“Errare humanum est, perseverare diabolicum” il detto latino si attaglia benissimo alla situazione dell’Atac di Roma, e del suo sindaco.
Se si possono concedere tutte le attenuanti (solo attenuanti, sia ben chiaro!) possibili alla Raggi per la situazione in cui si è venuta a trovare l’Atac, dato che ha ereditato una situazione già molto compromessa dalle precedenti gestioni, (situazione ben fotografata dall’articolo de “la Stampa” che pubblichiamo in Centro Studi Liberali) non si può negare che le sue ultime decisioni non siano farina del suo sacco.
E si tratta di decisioni che mostrano con chiarezza come la Raggi, e i Cinque Stelle, intendano gestire il problema del servizio di trasporto urbano a Roma.
Infatti, dopo aver sostituito ben tre amministratori delegati in un solo anno, ora la sindaca si è esibita in un numero degno del miglior sottogoverno e segno di disprezzo totale nei confronti delle regole di gestione di una società di capitali a diritto privato (almeno formalmente): il nuovo presidente della società è stato nominato contemporaneamente amministratore delegato e direttore generale. Un cumulo di tre cariche (e ovviamente tre stipendi) che contrasta con ogni regola di buon senso. Le tre cariche dovrebbero infatti esercitare un controllo reciproco e un bilanciamento di poteri all’interno della società, altrimenti tanto varrebbe nominare un capo unico di puro stile fascista o bolscevico.
Ma molto più grave è quanto fatto e dichiarato in risposta al referendum sulla privatizzazione dell’ATAC ottenuto dai radicali. Si tratta di una richiesta non solo di stampo liberale, ma anche in linea con quanto richiesto dalla UE e, soprattutto, l’unica mossa possibile per salvare il sistema di trasporto urbano della capitale.

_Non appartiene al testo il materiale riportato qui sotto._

(* Let $G$ be a connected weighted multigraph on the vertex set $V$, $|V|=n\ge2$, with positive edge weights and Laplacian matrix $L$, and let $\tilde G$ be any balance-graph of $G$. For $\alpha>0$ let $Q_\alpha=(I+\alpha L)^{-1}=(q_{ij}(\alpha))$ and let $$d^F_\alpha(i,j)=\theta\Bigl(\tfrac12\bigl(\ln q_{ii}(\alpha)+\ln q_{jj}(\alpha)\bigr)-\ln q_{ij}(\alpha)\Bigr),\qquad\theta=\ln\bigl(e+\alpha^{2/n}\bigr)\frac{\alpha-1}{\ln\alpha}$$ ($\theta=\ln(e+1)$ at $\alpha=1$) be the logarithmic forest distance with edge weight transformation $w\mapsto\alpha w$. Then for every $\alpha>0$ and all $i,j\in V$, $d^F_\alpha(i,j)=\tilde d^{W}_\alpha(i,j)$, where $\tilde d^W_\alpha$ is the walk distance of $\tilde G$: with $\tilde A$ the weighted adjacency matrix of $\tilde G$, $\tilde\rho$ its spectral radius, $t=(\tilde\rho+\alpha^{-1})^{-1}$ and $(I-t\tilde A)^{-1}=(r_{ij})$, $\tilde d^W_\alpha(i,j)=\theta\bigl(\tfrac12(\ln r_{ii}+\ln r_{jj})-\ln r_{ij}\bigr)$.
   Context: Loops and multiple edges are allowed. The weighted adjacency matrix $A=(a_{ij})$ has $a_{ij}$ equal to the sum of weights of the edges joining $i$ and $j$; $L=\operatorname{diag}(A\mathbf 1)-A$. A balance-graph of $G$ is a graph $\tilde G$ with $V(\tilde G)=V$, $E(G)\subseteq E(\tilde G)$, the edges of $E(G)$ keeping their weights, $E(\tilde G)\setminus E(G)$ consisting of loops (with positive weights), and such that the weighted adjacency matrix of $\tilde G$ has constant row sums. *)

From HB Require Import structures.
From mathcomp Require Import all_boot all_order all_algebra.
From mathcomp Require Import complex.
From mathcomp Require Import reals.
From mathcomp.analysis Require Import sequences exp.
Set Implicit Arguments. Unset Strict Implicit. Unset Printing Implicit Defensive.
Import Order.TTheory GRing.Theory Num.Theory.
Local Open Scope ring_scope.

(* A weighted multigraph on the vertex set 'I_n is a finite list of edges
   (i, j, w): an edge joining i and j (a loop if i = j) with weight w. *)
Definition wedge (R : Type) (n : nat) := ('I_n * 'I_n * R)%type.

Definition joins n (i j : 'I_n) (a b : 'I_n) :=
  ((a == i) && (b == j)) || ((a == j) && (b == i)).

Definition adjmx (R : realType) n (E : seq (wedge R n)) : 'M[R]_n :=
  \matrix_(i, j) \sum_(e <- E | joins i j e.1.1 e.1.2) e.2.

Definition lapmx (R : realType) n (E : seq (wedge R n)) : 'M[R]_n :=
  diag_mx (\row_i \sum_j adjmx E i j) - adjmx E.

Definition pos_weights (R : realType) n (E : seq (wedge R n)) :=
  all (fun e => 0 < e.2) E.

Definition mg_connected (R : realType) n (E : seq (wedge R n)) :=
  forall i j : 'I_n, connect [rel a b | adjmx E a b != 0] i j.

Definition balance_graph (R : realType) n (E Et : seq (wedge R n)) :=
  exists2 X : seq (wedge R n), Et = E ++ X &
    all (fun e => (e.1.1 == e.1.2) && (0 < e.2)) X /\
    exists c : R, forall i : 'I_n, \sum_j adjmx Et i j = c.

Definition spectral_radius (R : realType) n (A : 'M[R]_n) (rho : R) :=
  let Ac := map_mx (fun x : R => x%:C%C) A in
  (exists2 l : R[i], eigenvalue Ac l & `|l| = rho%:C%C) /\
  (forall l : R[i], eigenvalue Ac l -> `|l| <= rho%:C%C).

Definition theta (R : realType) (n : nat) (alpha : R) : R :=
  if alpha == 1 then ln (expR 1 + 1)
  else ln (expR 1 + powR alpha (2 / n%:R)) * (alpha - 1) / ln alpha.

Definition logdist (R : realType) n (th : R) (M : 'M[R]_n) (i j : 'I_n) : R :=
  th * ((ln (M i i) + ln (M j j)) / 2 - ln (M i j)).

Definition forest_dist (R : realType) n (E : seq (wedge R n)) (alpha : R)
    (i j : 'I_n) : R :=
  logdist (theta n alpha) (invmx (1%:M + alpha *: lapmx E)) i j.

Definition walk_dist (R : realType) n (Et : seq (wedge R n)) (rho alpha : R)
    (i j : 'I_n) : R :=
  let t := (rho + alpha^-1)^-1 in
  logdist (theta n alpha) (invmx (1%:M - t *: adjmx Et)) i j.

From HB Require Import structures.
From mathcomp Require Import all_boot all_order all_algebra.
From mathcomp Require Import complex.
From mathcomp Require Import reals.
From mathcomp.analysis Require Import sequences exp.
From mathcomp Require Import ring.
Set Implicit Arguments. Unset Strict Implicit. Unset Printing Implicit Defensive.
Import Order.TTheory GRing.Theory Num.Theory.
Local Open Scope ring_scope.

(* If c is the common row sum of the balance-graph, its adjacency matrix is
   c I - L, and c is its spectral radius (the matrix is symmetric, nonnegative
   and has constant row sums).  Hence I - t Ã = (t / alpha) (I + alpha L) for
   t = (c + 1/alpha)^-1, so the two resolvents differ by a positive scalar
   factor.  The logarithmic distance of a matrix with positive entries ignores
   such a factor, and the entries of (I + alpha L)^-1 are positive because G
   is connected. *)

Section LogDist.
Variables (R : realType) (n : nat).

Lemma logdist_scale (th k : R) (M : 'M[R]_n) (i j : 'I_n) :
  0 < k -> 0 < M i i -> 0 < M j j -> 0 < M i j ->
  logdist th (k *: M) i j = logdist th M i j.
Proof.
move=> k_gt0 Mii Mjj Mij; rewrite /logdist !mxE !lnM ?posrE //.
by congr (_ * _); field.
Qed.

End LogDist.

Section NonnegativeSpectrum.
Variables (R : realType) (n : nat) (A : 'M[R]_n) (c : R).
Hypotheses (A_ge0 : forall i j, 0 <= A i j) (colsumA : forall j, \sum_i A i j = c).
Let Ac := map_mx (fun x : R => x%:C%C) A.

(* [eigenvalue] is defined through row eigenvectors [v *m Ac = l *: v], which
   is why column sums are the relevant ones here. *)

Lemma eigenvalue_colsum (i0 : 'I_n) : eigenvalue Ac c%:C%C.
Proof.
apply/eigenvalueP; exists (const_mx 1).
  apply/matrixP => i j; rewrite !mxE.
  under eq_bigr do rewrite !mxE mul1r.
  by rewrite -rmorph_sum mulr1 colsumA.
by apply/eqP => /matrixP /(_ 0 i0) /eqP; rewrite !mxE oner_eq0.
Qed.

Lemma eigenvalue_le_colsum l : eigenvalue Ac l -> `|l| <= c%:C%C.
Proof.
move=> /eigenvalueP [v vA v_neq0].
have i0 : 'I_n.
  case: n v v_neq0 {vA} => [|m] v; last by move=> _; exact: ord0.
  by move=> /eqP []; apply/matrixP => i [].
pose f k := complex.Re `|v 0 k|.
have normvE k : `|v 0 k| = (f k)%:C%C by rewrite /f RRe_real // normr_real.
have [j0 _ j0_max] := @arg_maxP _ _ _ i0 xpredT f isT.
have vj0_max k : `|v 0 k| <= `|v 0 j0| by rewrite !normvE lecR; exact: j0_max.
have vj0_gt0 : 0 < `|v 0 j0|.
  rewrite normr_gt0; apply: contraNneq v_neq0 => vj0; apply/eqP/matrixP => i k.
  by rewrite (ord1 i) mxE; apply/eqP; rewrite -normr_le0 -(normr0 R[i]) -vj0.
have lvj0 : l * v 0 j0 = \sum_i v 0 i * (A i j0)%:C%C.
  by move/matrixP: vA => /(_ 0 j0); rewrite !mxE => <-; under eq_bigr do rewrite mxE.
rewrite -(ler_pM2r vj0_gt0) -normrM lvj0 (le_trans (ler_norm_sum _ _ _)) //.
rewrite mulrC -(colsumA j0) rmorph_sum mulr_sumr ler_sum // => i _.
rewrite normrM [`|(A i j0)%:C%C|]ger0_norm ?ler0c //.
by rewrite ler_wpM2r ?ler0c ?vj0_max.
Qed.

Lemma spectral_radius_colsum (i0 : 'I_n) rho : spectral_radius A rho -> rho = c.
Proof.
move=> [[l l_eig l_rho] rho_max]; apply/eqP; rewrite eq_le.
have c_ge0 : 0 <= c by rewrite -(colsumA i0) sumr_ge0.
rewrite -lecR -l_rho eigenvalue_le_colsum //= -lecR.
by have := rho_max _ (eigenvalue_colsum i0); rewrite ger0_norm // ler0c.
Qed.

End NonnegativeSpectrum.

Section Adjacency.
Variables (R : realType) (n : nat).
Implicit Types (E X : seq (wedge R n)).

Definition loops_only X := all (fun e : wedge R n => (e.1.1 == e.1.2) && (0 < e.2)) X.

Lemma adjmx_sym E i j : adjmx E i j = adjmx E j i.
Proof. by rewrite !mxE; apply: eq_bigl => e; rewrite /joins orbC. Qed.

Lemma adjmx_ge0 E i j : pos_weights E -> 0 <= adjmx E i j.
Proof.
move=> /allP E_pos; rewrite mxE big_seq_cond sumr_ge0 // => e /andP[eE _].
exact: ltW (E_pos e eE).
Qed.

Lemma adjmx_cat E X : adjmx (E ++ X) = adjmx E + adjmx X.
Proof. by apply/matrixP => i j; rewrite !mxE big_cat. Qed.

Lemma adjmx_loops_offdiag X i j : loops_only X -> i != j -> adjmx X i j = 0.
Proof.
move=> /allP X_loops i_neq_j; rewrite mxE big_seq_cond big1 // => e /andP[eX].
have /andP[/eqP e_loop _] := X_loops e eX.
rewrite /joins e_loop => /orP[] /andP[/eqP-ei /eqP-ej];
  by move: i_neq_j; rewrite -ei -ej eqxx.
Qed.

Lemma pos_weights_balance E Et :
  pos_weights E -> balance_graph E Et -> pos_weights Et.
Proof.
move=> E_pos [X -> [X_loops _]]; rewrite /pos_weights all_cat; apply/andP.
by split; [exact: E_pos | apply: sub_all X_loops => e /andP[]].
Qed.

Lemma adjmx_balance E X c :
  loops_only X -> (forall i, \sum_j adjmx (E ++ X) i j = c) ->
  adjmx (E ++ X) = c%:M - lapmx E.
Proof.
move=> X_loops rowsum; apply/matrixP => i j.
have rowsum_i : \sum_k adjmx E i k + adjmx X i i = c.
  rewrite -(rowsum i) adjmx_cat; under [RHS]eq_bigr do rewrite mxE.
  rewrite big_split /=; congr (_ + _).
  rewrite (bigD1 i) //= big1 ?addr0 // => k k_neq_i.
  by rewrite adjmx_loops_offdiag // eq_sym.
have [<-|i_neq_j] := eqVneq i j;
  [move: rowsum_i | move: (adjmx_loops_offdiag X_loops i_neq_j)];
  rewrite /lapmx adjmx_cat; move: (adjmx E) (adjmx X) => A B; rewrite !mxE.
- by rewrite eqxx !mulr1n => <-; ring.
- by rewrite (negbTE i_neq_j) !mulr0n => ->; ring.
Qed.

End Adjacency.

Section ForestMatrix.
Variables (R : realType) (n : nat) (E : seq (wedge R n)) (alpha : R).
Hypotheses (E_pos : pos_weights E) (alpha_gt0 : 0 < alpha).

Definition forest_mx := 1%:M + alpha *: lapmx E.

Lemma mulmx_forest_mx m (P : 'M_(m, n)) k j :
  (P *m forest_mx) k j = P k j + alpha * \sum_i adjmx E j i * (P k j - P k i).
Proof.
rewrite /forest_mx /lapmx; have A_sym := adjmx_sym E.
move: (adjmx E) A_sym => A A_sym.
rewrite mulmxDr mulmx1 -scalemxAr mulmxBr mul_mx_diag !mxE.
congr (_ + alpha * _); under [RHS]eq_bigr do rewrite mulrBr.
rewrite sumrB mulr_sumr; congr (_ - _); apply: eq_bigr => i _.
  by rewrite mulrC.
by rewrite A_sym mulrC.
Qed.

(* Discrete minimum principle: at a minimal entry j0 of row k of P the
   Laplacian term is <= 0, so P k j0 >= (P *m forest_mx) k j0 >= 0. *)
Lemma forest_mx_min_principle m (P : 'M_(m, n)) k :
  (forall j, 0 <= (P *m forest_mx) k j) -> forall j, 0 <= P k j.
Proof.
move=> image_ge0 j.
have [j0 _ j0_min] := @arg_minP _ _ _ j xpredT (fun l => P k l) isT.
apply: le_trans (j0_min j isT); apply: le_trans (image_ge0 j0) _.
rewrite mulmx_forest_mx gerDl pmulr_rle0 // sumr_le0 // => i _.
by rewrite mulr_ge0_le0 ?adjmx_ge0 // subr_le0 j0_min.
Qed.

Lemma forest_mx_unit : forest_mx \in unitmx.
Proof.
rewrite -row_free_unit -kermx_eq0; apply/eqP/matrixP => k j.
have kerM : kermx forest_mx *m forest_mx = 0 by rewrite mulmx_ker.
have := forest_mx_min_principle (P := kermx forest_mx) (k := k) _ j.
have := forest_mx_min_principle (P := - kermx forest_mx) (k := k) _ j.
rewrite mulNmx kerM oppr0 !mxE oppr_ge0 => ker_le0 ker_ge0.
by apply/eqP; rewrite eq_le ker_le0 ?ker_ge0 // => i; rewrite mxE.
Qed.

Let Q := invmx forest_mx.

Lemma forest_inv_lapl k j :
  (k == j)%:R = Q k j + alpha * \sum_i adjmx E j i * (Q k j - Q k i).
Proof. by rewrite -mulmx_forest_mx mulVmx ?forest_mx_unit // mxE. Qed.

Lemma forest_inv_ge0 k j : 0 <= Q k j.
Proof.
apply: forest_mx_min_principle => i.
by rewrite mulVmx ?forest_mx_unit // mxE ler0n.
Qed.

(* At a zero entry of a row of Q the Laplacian term equals the nonnegative
   value (k == a)%:R, so every neighbour of a vanishes as well. *)
Lemma forest_inv_eq0_adj k a b :
  adjmx E a b != 0 -> Q k a = 0 -> Q k b = 0.
Proof.
move=> ab_edge Qa0.
have terms_ge0 i : 0 <= adjmx E a i * Q k i.
  by rewrite mulr_ge0 ?adjmx_ge0 ?forest_inv_ge0.
have sum0 : \sum_i adjmx E a i * Q k i = 0.
  have := forest_inv_lapl k a; rewrite Qa0 add0r.
  under eq_bigr do rewrite sub0r mulrN.
  rewrite sumrN mulrN => lapl; apply/eqP; rewrite eq_le sumr_ge0 ?andbT //.
  by rewrite -(pmulr_rle0 _ alpha_gt0) -oppr_ge0 -lapl ler0n.
have /eqP := psumr_eq0P (fun i _ => terms_ge0 i) sum0 (i := b) isT.
by rewrite mulf_eq0 (negbTE ab_edge) => /eqP.
Qed.

Lemma forest_inv_diag_neq0 k : Q k k != 0.
Proof.
apply/eqP => Qkk0; have := forest_inv_lapl k k; rewrite eqxx Qkk0 add0r => lapl.
suff : (1 : R) <= 0 by rewrite ler10.
rewrite -[1 : R]/(true%:R) lapl pmulr_rle0 // sumr_le0 // => i _.
by rewrite sub0r mulrN oppr_le0 mulr_ge0 ?adjmx_ge0 ?forest_inv_ge0.
Qed.

Lemma forest_inv_gt0 : mg_connected E -> forall k j, 0 < Q k j.
Proof.
move=> E_conn k j; rewrite lt_def forest_inv_ge0 andbT.
have sym_edge : connect_sym [rel a b | adjmx E a b != 0].
  by apply: sym_connect_sym => a b /=; rewrite adjmx_sym.
have zeros_closed : closed [rel a b | adjmx E a b != 0] [pred a | Q k a == 0].
  apply: (intro_closed sym_edge) => a b /= ab_edge /eqP Qa0.
  by rewrite inE (forest_inv_eq0_adj ab_edge Qa0).
have := closed_connect zeros_closed (E_conn j k).
by rewrite !inE (negbTE (forest_inv_diag_neq0 k)) => ->.
Qed.

End ForestMatrix.

Lemma walk_mx_forest_mx (R : fieldType) n (L : 'M[R]_n) (c alpha : R) :
  alpha != 0 -> c * alpha + 1 != 0 ->
  let t := (c + alpha^-1)^-1 in
  1%:M - t *: (c%:M - L) = (t / alpha) *: (1%:M + alpha *: L).
Proof.
move=> alpha_neq0 calpha1_neq0 t; apply/matrixP => a b; rewrite !mxE /t.
by case: (a == b); rewrite ?mulr1n ?mulr0n; field; rewrite alpha_neq0.
Qed.

Theorem corollary6 (R : realType) (n : nat) (E Et : seq (wedge R n))
  (rho : R) :
  (2 <= n)%N -> pos_weights E -> mg_connected E ->
  balance_graph E Et -> spectral_radius (adjmx Et) rho ->
  forall alpha : R, 0 < alpha ->
  forall i j : 'I_n, forest_dist E alpha i j = walk_dist Et rho alpha i j.
Proof.
move=> _ E_pos E_conn Et_bal rho_spec alpha alpha_gt0 i j.
have Et_pos := pos_weights_balance E_pos Et_bal.
have [X Et_def [X_loops [c rowsum]]] := Et_bal.
have colsum k : \sum_l adjmx Et l k = c.
  by rewrite -(rowsum k); apply: eq_bigr => l _; rewrite adjmx_sym.
have c_ge0 : 0 <= c by rewrite -(rowsum i) sumr_ge0 // => l _; rewrite adjmx_ge0.
have -> : rho = c.
  by apply: (spectral_radius_colsum _ colsum i) => // a b; rewrite adjmx_ge0.
have t_gt0 : 0 < (c + alpha^-1)^-1 by rewrite invr_gt0 ltr_wpDl ?invr_gt0.
have Et_adj : adjmx Et = c%:M - lapmx E.
  by rewrite Et_def; apply: adjmx_balance; rewrite // -Et_def.
rewrite /walk_dist /= Et_adj walk_mx_forest_mx.
- rewrite invmxZ ?unitmxZ ?forest_mx_unit ?unitfE ?gt_eqF ?divr_gt0 //.
  by rewrite logdist_scale ?invr_gt0 ?divr_gt0 ?forest_inv_gt0.
- by rewrite gt_eqF.
- by rewrite gt_eqF // ltr_wpDl ?ltr01 // mulr_ge0 // ltW.
Qed.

Ebbene, proprio quei Cinque Stelle che hanno sempre proclamato di voler abbattere il sistema della politica, gli intrecci perversi tra politica, affari ed enti vari, hanno affermato con assoluta certezza che mai l’Atac verrà privatizzata, né che il servizio verrà messo a gara: l’Atac rimarrà un ente partecipato (cioè comunale) e si farà di tutto per svolgere il servizio “in housing”, cioè affidarlo con trattativa diretta senza alcuna gara.
Ciò significa in altre parole continuare con il sistema attuale: gestione diretta delle partecipate da parte della politica, intrallazzi di ogni tipo e genere; tutto nell’ottica della ricerca del consenso, dell’interesse privato, dell’utile reciproco in un intreccio opaco e inestricabile di interessi.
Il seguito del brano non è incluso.